- _TASK STATEMENT_:
The required output is every line from the beginning of the entries below through the line that includes "(inversions X Y", copied exactly.

Extracted data entries:
Lemma cmul_suml I (r : seq I) (F : I -> mv) y :
  cmul (\sum_(i <- r) F i) y = \sum_(i <- r) cmul (F i) y.
Proof.
elim: r => [|i r IH]; last by rewrite !big_cons cmulDl IH.
by rewrite !big_nil cmul0l.
Qed.

Lemma cmul_sumr I (r : seq I) (F : I -> mv) y :
  cmul y (\sum_(i <- r) F i) = \sum_(i <- r) cmul y (F i).
Proof.
elim: r => [|i r IH]; last by rewrite !big_cons cmulDr IH.
by rewrite !big_nil cmul0r.
Qed.

Lemma cmul_blade A B : cmul (bl A) (bl B) = cscale (bsign R A B) (bl (symdiff A B)).
Proof.
rewrite cmulE (bigD1 A) //= [X in _ + X]big1 => [|A' /negbTE nA'].
  rewrite addr0 (bigD1 B) //= [X in _ + X]big1 => [|B' /negbTE nB'].
    by rewrite addr0 !ffunE !eqxx !mul1r.
  by rewrite !ffunE nB' mulr0 mul0r cscale0.
by rewrite big1 // => B' _; rewrite !ffunE nA' !mul0r cscale0.
Qed.

Definition inversions (A B : blade_idx) : {set 'I_15 * 'I_15} :=
  [set p | (p.1 \in A) && (p.2 \in B) && (p.2 < p.1)%N].

Lemma odd_card_symdiff (T : finType) (A B : {set T}) :
  odd #|(A :\: B) :|: (B :\: A)| = odd #|A| (+) odd #|B|.
Proof.
have disj : (A :\: B) :&: (B :\: A) = set0.
  by apply/setP => x; rewrite !inE; case: (x \in A); case: (x \in B).
have := cardsUI (A :\: B) (B :\: A); rewrite disj cards0 addn0 => ->.
rewrite -(cardsID B A) -(cardsID A B) setIC !oddD.
by case: (odd _); case: (odd _); case: (odd _).
Qed.

(* The inversions of [A xor B] against [C] are the symmetric difference of
   those of [A] and of [B], and symmetrically in the second argument. *)
Lemma bsign_cocycle A B C :
  bsign R A B * bsign R (symdiff A B) C = bsign R B C * bsign R A (symdiff B C).
Proof.
rewrite /bsign -!exprD -signr_odd -[RHS]signr_odd; congr (_ ^+ _).
have inv_l X Y Z : inversions (symdiff X Y) Z =
    (inversions X Z :\: inversions Y Z) :|: (inversions Y Z :\: inversions X Z).
  apply/setP => p; rewrite !inE.
  by case: (p.1 \in X); case: (p.1 \in Y); case: (p.2 \in Z); case: (p.2 < p.1)%N.
have inv_r X Y Z : inversions X (symdiff Y Z) =
    (inversions X Y :\: inversions X Z) :|: (inversions X Z :\: inversions X Y).
  apply/setP => p; rewrite !inE.
  by case: (p.1 \in X); case: (p.2 \in Y); case: (p.2 \in Z); case: (p.2 < p.1)%N.
rewrite !oddD -!/(inversions _ _) inv_l inv_r !odd_card_symdiff.
by case: (odd #|inversions A B|); case: (odd #|inversions A C|); case: (odd #|inversions B C|).
Qed.

Lemma symdiffA : associative symdiff.
Proof.
move=> X Y Z; apply/setP => p; rewrite !inE.
by case: (p \in X); case: (p \in Y); case: (p \in Z).
Qed.

Lemma cmulA : associative (@cmul R).
Proof.
have assoc3 A B C : cmul (cmul (bl A) (bl B)) (bl C) = cmul (bl A) (cmul (bl B) (bl C)).
  by rewrite !cmul_blade cmulZl cmulZr !cmul_blade !cscaleA bsign_cocycle symdiffA.
have assoc2 A B z : cmul (cmul (bl A) (bl B)) z = cmul (bl A) (cmul (bl B) z).
  rewrite [z]mv_blade_decomp !cmul_sumr; apply: eq_bigr => C _.
  by rewrite !cmulZr assoc3.
have assoc1 A y z : cmul (cmul (bl A) y) z = cmul (bl A) (cmul y z).
  rewrite [y]mv_blade_decomp cmul_sumr !cmul_suml cmul_sumr; apply: eq_bigr => B _.
  by rewrite cmulZr !cmulZl cmulZr assoc2.
move=> x y z; rewrite [x]mv_blade_decomp !cmul_suml; apply: eq_bigr => A _.
by rewrite !cmulZl assoc1.
Qed.

Lemma cmul1l (x : mv) : cmul (cone R) x = x.
Proof.
rewrite [x]mv_blade_decomp cmul_sumr; apply: eq_bigr => A _.
rewrite cmulZr cmul_blade /bsign (_ : [set _ | _] = set0) ?cards0 ?cscale1.
  by congr cscale; congr bl; apply/setP => i; rewrite !inE; case: (i \in A).
by apply/setP => p; rewrite !inE.
Qed.

Lemma cmul1r (x : mv) : cmul x (cone R) = x.
Proof.
rewrite [x]mv_blade_decomp cmul_suml; apply: eq_bigr => A _.
rewrite cmulZl cmul_blade /bsign (_ : [set _ | _] = set0) ?cards0 ?cscale1.
  by congr cscale; congr bl; apply/setP => i; rewrite !inE; case: (i \in A).
by apply/setP => p; rewrite !inE andbF.
Qed.

Lemma inverse_unique {x y z : mv} :
  cmul y x = cone R -> cmul x z = cone R -> y = z.
Proof. by move=> yx xz; rewrite -[y]cmul1r -xz cmulA yx cmul1l. Qed.

End CliffordProduct.

Definition key := seq bool.

Definition kset (k : key) : blade_idx := [set i : 'I_15 | nth false k i].

Fixpoint xorl (a b : key) : key :=
  match a, b with
  | [::], _ => b
  | _, [::] => a
  | x :: a', y :: b' => (x (+) y) :: xorl a' b'
  end.

Lemma nth_xorl a b i : nth false (xorl a b) i = nth false a i (+) nth false b i.
Proof. by elim: a b i => [|x a IH] [|y b] [|i] //=; rewrite addbF. Qed.

Lemma kset_xorl a b : kset (xorl a b) = symdiff (kset a) (kset b).
Proof.
apply/setP => i; rewrite !inE nth_xorl.
by case: (nth false a i); case: (nth false b i).
Qed.

Lemma kset_nil : kset [::] = set0.
Proof. by apply/setP => i; rewrite !inE nth_nil. Qed.

(* The accumulator [c] is the parity of the bits of [b] already passed. *)
Fixpoint kpar (n : nat) (a b : key) (c : bool) : bool :=
  if n is n'.+1 then
    (head false a && c) (+) kpar n' (behead a) (behead b) (c (+) head false b)
  else false.

Definition kswap (a b : key) : bool := kpar 15 a b false.

Lemma kparE n a b c :
  kpar n a b (odd c) = odd (\sum_(i < n) nth false a i * (c + \sum_(j < i) nth false b j)).
Proof.
elim: n a b c => [|n IH] a b c; first by rewrite big_ord0.
rewrite big_ord_recl /= big_ord0 addn0.
have -> : odd c (+) head false b = odd (c + nth false b 0) by rewrite oddD oddb; case: b.
rewrite IH oddD oddM oddb (_ : head false a = nth false a 0); last by case: a.
congr (_ (+) odd _); apply: eq_bigr => i _.
rewrite /bump /= add1n big_ord_recl -!nth_behead addnA; congr (_ * (_ + _))%N.
by apply: eq_bigr => j _; rewrite nth_behead.
Qed.

Lemma kswapE a b : kswap a b = odd #|inversions (kset a) (kset b)|.
Proof.
rewrite /kswap (kparE 15 a b 0); congr odd.
have -> : (\sum_(i < 15) nth false a i * (0 + \sum_(j < i) nth false b j) =
    \sum_(i < 15) \sum_(j < 15) (nth false a i && nth false b j && (j < i)))%N.
  apply: eq_bigr => i _.
  rewrite add0n (big_ord_widen 15 (fun j => nth false b j : nat)) ?(ltnW (ltn_ord i)) //.
  rewrite big_distrr /= big_mkcond; apply: eq_bigr => j _.
  by case: (nth false a i); case: (nth false b j); case: (j < i)%N.
rewrite pair_bigA /= -sum1_card [RHS]big_mkcond /=; apply: eq_bigr => -[i j] _ /=.
by rewrite !inE.
Qed.

Definition sblade := (bool * key)%type.

Definition sbmul (x y : sblade) : sblade := (x.1 (+) y.1 (+) kswap x.2 y.2, xorl x.2 y.2).

Definition sbone : sblade := (false, [::]).

(* The guard reproduces the junk value of [inord] on out-of-range indices. *)
Definition gkey (i : nat) : key := mkseq (pred1 (if (i.-1 < 15)%N then i.-1 else 0%N)) 15.

Definition ekey (l : seq nat) : sblade := foldr (fun i x => sbmul (false, gkey i) x) sbone l.

Lemma kset_gkey i : kset (gkey i) = [set inord i.-1].
Proof.
apply/setP => x; rewrite !inE nth_mkseq // -val_eqE /= /inord val_insubd /=.
by case: ifP.
Qed.

Lemma kset_ekey l : kset (ekey l).2 = foldr (fun i S => symdiff [set inord i.-1] S) set0 l.
Proof.
elim: l => [|i l IH]; first exact: kset_nil.
have -> : (ekey (i :: l)).2 = xorl (gkey i) (ekey l).2 by [].
by rewrite kset_xorl kset_gkey IH.
Qed.

Section SignedBlades.
Variable R : realFieldType.
Local Notation mv := {ffun blade_idx -> R}.

Definition sb (x : sblade) : mv := cscale ((-1) ^+ x.1) (blade R (kset x.2)).

Lemma sb_mul x y : cmul (sb x) (sb y) = sb (sbmul x y).
Proof.
rewrite /sb cmulZl cmulZr cmul_blade !cscaleA kset_xorl; congr cscale.
rewrite /bsign -/(inversions _ _) -[(-1) ^+ #|_|]signr_odd -kswapE -!signr_addb /=.
by case: x.1; case: y.1; case: (kswap _ _).
Qed.

Lemma sb_one : sb sbone = cone R.
Proof. by rewrite /sb kset_nil cscale1. Qed.

Lemma eprod_sb l : eprod R l = sb (ekey l).
Proof.
elim: l => [|i l IH] /=; first by rewrite sb_one.
by rewrite IH -sb_mul /sb kset_gkey cscale1.
Qed.

Lemma sb_coef x S : sb x S = (-1) ^+ x.1 * (kset x.2 == S)%:R.
Proof. by rewrite !ffunE eq_sym. Qed.

Lemma sb_commute x y :
  cmul (sb x) (sb y) = cscale ((-1) ^+ (kswap x.2 y.2 (+) kswap y.2 x.2)) (cmul (sb y) (sb x)).
Proof.
rewrite !sb_mul /sb cscaleA -signr_addb !kset_xorl; congr (cscale _ (blade _ _)).
  by rewrite /=; case: x.1; case: y.1; case: (kswap x.2 y.2); case: (kswap y.2 x.2).
by rewrite /symdiff setUC.
Qed.

Lemma sb_sqr u : cmul (sb u) (sb u) = cscale ((-1) ^+ kswap u.2 u.2) (cone R).
Proof.
rewrite sb_mul /sb kset_xorl; congr (cscale _ (blade _ _)).
  by rewrite /= addbb.
by rewrite /symdiff setDv setU0.
Qed.

End SignedBlades.

Section RotorFactor.
Context {R : realFieldType} {U : mvT R}.
Hypothesis U_sqr : cmul U U = - cone R.

Lemma rotor_factor_inv :
  cmul (cone R + U) (cone R - U) = cscale 2 (cone R) /\
  cmul (cone R - U) (cone R + U) = cscale 2 (cone R).
Proof.
rewrite !cmulDl !cmulDr !cmulNl !cmulNr !cmul1l !cmul1r U_sqr.
by split; apply/ffunP => A; rewrite !ffunE; ring.
Qed.

Lemma rotor_factor_conj_comm X :
  cmul U X = cmul X U -> cmul (cmul (cone R + U) X) (cone R - U) = cscale 2 X.
Proof.
move=> UX; have UXU : cmul (cmul U X) U = - X by rewrite UX -cmulA U_sqr cmulNr cmul1r.
rewrite cmulDl cmul1l cmulBr cmul1r cmulDl UXU -UX.
by apply/ffunP => A; rewrite !ffunE; ring.
Qed.

Lemma rotor_factor_conj_anti X :
  cmul X U = - cmul U X -> cmul (cmul (cone R + U) X) (cone R - U) = cscale 2 (cmul U X).
Proof.
move=> XU; have UXU : cmul (cmul U X) U = X.
  by rewrite -cmulA XU cmulNr cmulA U_sqr cmulNl cmul1l opprK.
rewrite cmulDl cmul1l cmulBr cmul1r cmulDl UXU XU.
by apply/ffunP => A; rewrite !ffunE; ring.
Qed.

End RotorFactor.

Definition sqr_neg (u : sblade) : bool := kswap u.2 u.2.

Definition sbconj (u x : sblade) : sblade :=
  if kswap u.2 x.2 == kswap x.2 u.2 then x else sbmul u x.

Definition plus_prod_terms (us : seq sblade) : seq sblade :=
  foldr (fun u ys => ys ++ map (sbmul u) ys) [:: sbone] us.

Section RotorProducts.
Variable R : realFieldType.
Local Notation mv := {ffun blade_idx -> R}.

Definition plus_prod (us : seq sblade) : mv :=
  foldr (fun u acc => cmul (cone R + sb R u) acc) (cone R) us.

Definition minus_prod (us : seq sblade) : mv :=
  foldr (fun u acc => cmul acc (cone R - sb R u)) (cone R) us.

Lemma sb_sqr_neg u : sqr_neg u -> cmul (sb R u) (sb R u) = - cone R.
Proof. by move=> neg; rewrite sb_sqr -[kswap _ _]/(sqr_neg u) neg cscaleN1. Qed.

Lemma plus_minus_prod us : all sqr_neg us ->
  cmul (plus_prod us) (minus_prod us) = cscale (2 ^+ size us) (cone R) /\
  cmul (minus_prod us) (plus_prod us) = cscale (2 ^+ size us) (cone R).
Proof.
elim: us => [|u us IH]; first by rewrite /= cmul1l expr0 cscale1.
move=> /andP [/sb_sqr_neg neg /IH [PM MP]].
have [fPM fMP] := rotor_factor_inv neg.
rewrite /= -/(plus_prod us) -/(minus_prod us); split.
  rewrite (_ : cmul _ _ = cmul (cone R + sb R u)
                (cmul (cmul (plus_prod us) (minus_prod us)) (cone R - sb R u))).
    by rewrite PM cmulZl cmul1l cmulZr fPM cscaleA exprSr.
  by rewrite !cmulA.
rewrite (_ : cmul _ _ = cmul (minus_prod us)
              (cmul (cmul (cone R - sb R u) (cone R + sb R u)) (plus_prod us))).
  by rewrite fMP cmulZl cmul1l cmulZr MP cscaleA exprS.
by rewrite !cmulA.
Qed.

Lemma plus_prod_conj us x : all sqr_neg us ->
  cmul (cmul (plus_prod us) (sb R x)) (minus_prod us) =
  cscale (2 ^+ size us) (sb R (foldr sbconj x us)).
Proof.
elim: us => [|u us IH]; first by rewrite /= cmul1l cmul1r expr0 cscale1.
move=> /andP [/sb_sqr_neg neg /IH {}IH].
rewrite /= -/(plus_prod us) -/(minus_prod us); set y := foldr sbconj x us.
rewrite (_ : cmul _ _ = cmul (cmul (cone R + sb R u)
          (cmul (cmul (plus_prod us) (sb R x)) (minus_prod us))) (cone R - sb R u)).
  rewrite IH cmulZr cmulZl exprSr -cscaleA; congr cscale; rewrite /sbconj.
  case: (kswap u.2 y.2 =P kswap y.2 u.2) => [comm | anti].
    rewrite (rotor_factor_conj_comm neg) //.
    by rewrite sb_commute comm addbb expr0 cscale1.
  rewrite (rotor_factor_conj_anti neg); first by rewrite sb_mul.
  rewrite [in RHS]sb_commute.
  by move: anti; case: (kswap _ _); case: (kswap _ _) => //= _; rewrite expr1 cscaleN1 opprK.
by rewrite !cmulA.
Qed.

Lemma plus_prod_expand us : plus_prod us = \sum_(y <- plus_prod_terms us) sb R y.
Proof.
elim: us => [|u us IH] /=; first by rewrite big_seq1 sb_one.
rewrite big_cat big_map IH cmulDl cmul1l cmul_sumr; congr (_ + _).
by apply: eq_bigr => y _; rewrite sb_mul.
Qed.

End RotorProducts.

Definition sbfind (ys : seq sblade) (k : key) : sblade := nth sbone ys (index k (map snd ys)).

Lemma sum_sb_perm (R : realFieldType) {ys zs : seq sblade} :
  uniq (map snd zs) -> perm_eq (map snd ys) (map snd zs) ->
  \sum_(y <- ys) sb R y = \sum_(z <- zs) cscale ((-1) ^+ ((sbfind ys z.2).1 (+) z.1)) (sb R z).
Proof.
move=> uniq_zs perm_keys; have uniq_ys : uniq (map snd ys) by rewrite (perm_uniq perm_keys).
have sbfindK i : (i < size ys)%N -> sbfind ys (nth sbone ys i).2 = nth sbone ys i.
  by move=> lt_i; rewrite /sbfind -(nth_map _ [::]) // index_uniq ?size_map.
have -> : \sum_(z <- zs) cscale ((-1) ^+ ((sbfind ys z.2).1 (+) z.1)) (sb R z) =
          \sum_(k <- map snd zs) sb R (sbfind ys k).
  rewrite big_map; apply: eq_big_seq => z z_zs.
  have : z.2 \in map snd ys by rewrite (perm_mem perm_keys) map_f.
  rewrite /sb cscaleA -signr_addb -addbA addbb addbF -index_mem => lt_z.
  by rewrite -(nth_map _ [::]) -?(size_map snd) // nth_index // -index_mem.
rewrite -(perm_big _ perm_keys) (big_nth sbone) [RHS](big_nth [::]) size_map.
rewrite !big_nat; apply: eq_bigr => i /= lt_i.
by rewrite (nth_map sbone) // sbfindK.
Qed.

- _RESULT_:
Lemma cmul_suml I (r : seq I) (F : I -> mv) y :
  cmul (\sum_(i <- r) F i) y = \sum_(i <- r) cmul (F i) y.
Proof.
elim: r => [|i r IH]; last by rewrite !big_cons cmulDl IH.
by rewrite !big_nil cmul0l.
Qed.

Lemma cmul_sumr I (r : seq I) (F : I -> mv) y :
  cmul y (\sum_(i <- r) F i) = \sum_(i <- r) cmul y (F i).
Proof.
elim: r => [|i r IH]; last by rewrite !big_cons cmulDr IH.
by rewrite !big_nil cmul0r.
Qed.

Lemma cmul_blade A B : cmul (bl A) (bl B) = cscale (bsign R A B) (bl (symdiff A B)).
Proof.
rewrite cmulE (bigD1 A) //= [X in _ + X]big1 => [|A' /negbTE nA'].
  rewrite addr0 (bigD1 B) //= [X in _ + X]big1 => [|B' /negbTE nB'].
    by rewrite addr0 !ffunE !eqxx !mul1r.
  by rewrite !ffunE nB' mulr0 mul0r cscale0.
by rewrite big1 // => B' _; rewrite !ffunE nA' !mul0r cscale0.
Qed.

Definition inversions (A B : blade_idx) : {set 'I_15 * 'I_15} :=
  [set p | (p.1 \in A) && (p.2 \in B) && (p.2 < p.1)%N].

Lemma odd_card_symdiff (T : finType) (A B : {set T}) :
  odd #|(A :\: B) :|: (B :\: A)| = odd #|A| (+) odd #|B|.
Proof.
have disj : (A :\: B) :&: (B :\: A) = set0.
  by apply/setP => x; rewrite !inE; case: (x \in A); case: (x \in B).
have := cardsUI (A :\: B) (B :\: A); rewrite disj cards0 addn0 => ->.
rewrite -(cardsID B A) -(cardsID A B) setIC !oddD.
by case: (odd _); case: (odd _); case: (odd _).
Qed.

(* The inversions of [A xor B] against [C] are the symmetric difference of
   those of [A] and of [B], and symmetrically in the second argument. *)
Lemma bsign_cocycle A B C :
  bsign R A B * bsign R (symdiff A B) C = bsign R B C * bsign R A (symdiff B C).
Proof.
rewrite /bsign -!exprD -signr_odd -[RHS]signr_odd; congr (_ ^+ _).
have inv_l X Y Z : inversions (symdiff X Y) Z =
    (inversions X Z :\: inversions Y Z) :|: (inversions Y Z :\: inversions X Z).
  apply/setP => p; rewrite !inE.
  by case: (p.1 \in X); case: (p.1 \in Y); case: (p.2 \in Z); case: (p.2 < p.1)%N.
have inv_r X Y Z : inversions X (symdiff Y Z) =
    (inversions X Y :\: inversions X Z) :|: (inversions X Z :\: inversions X Y).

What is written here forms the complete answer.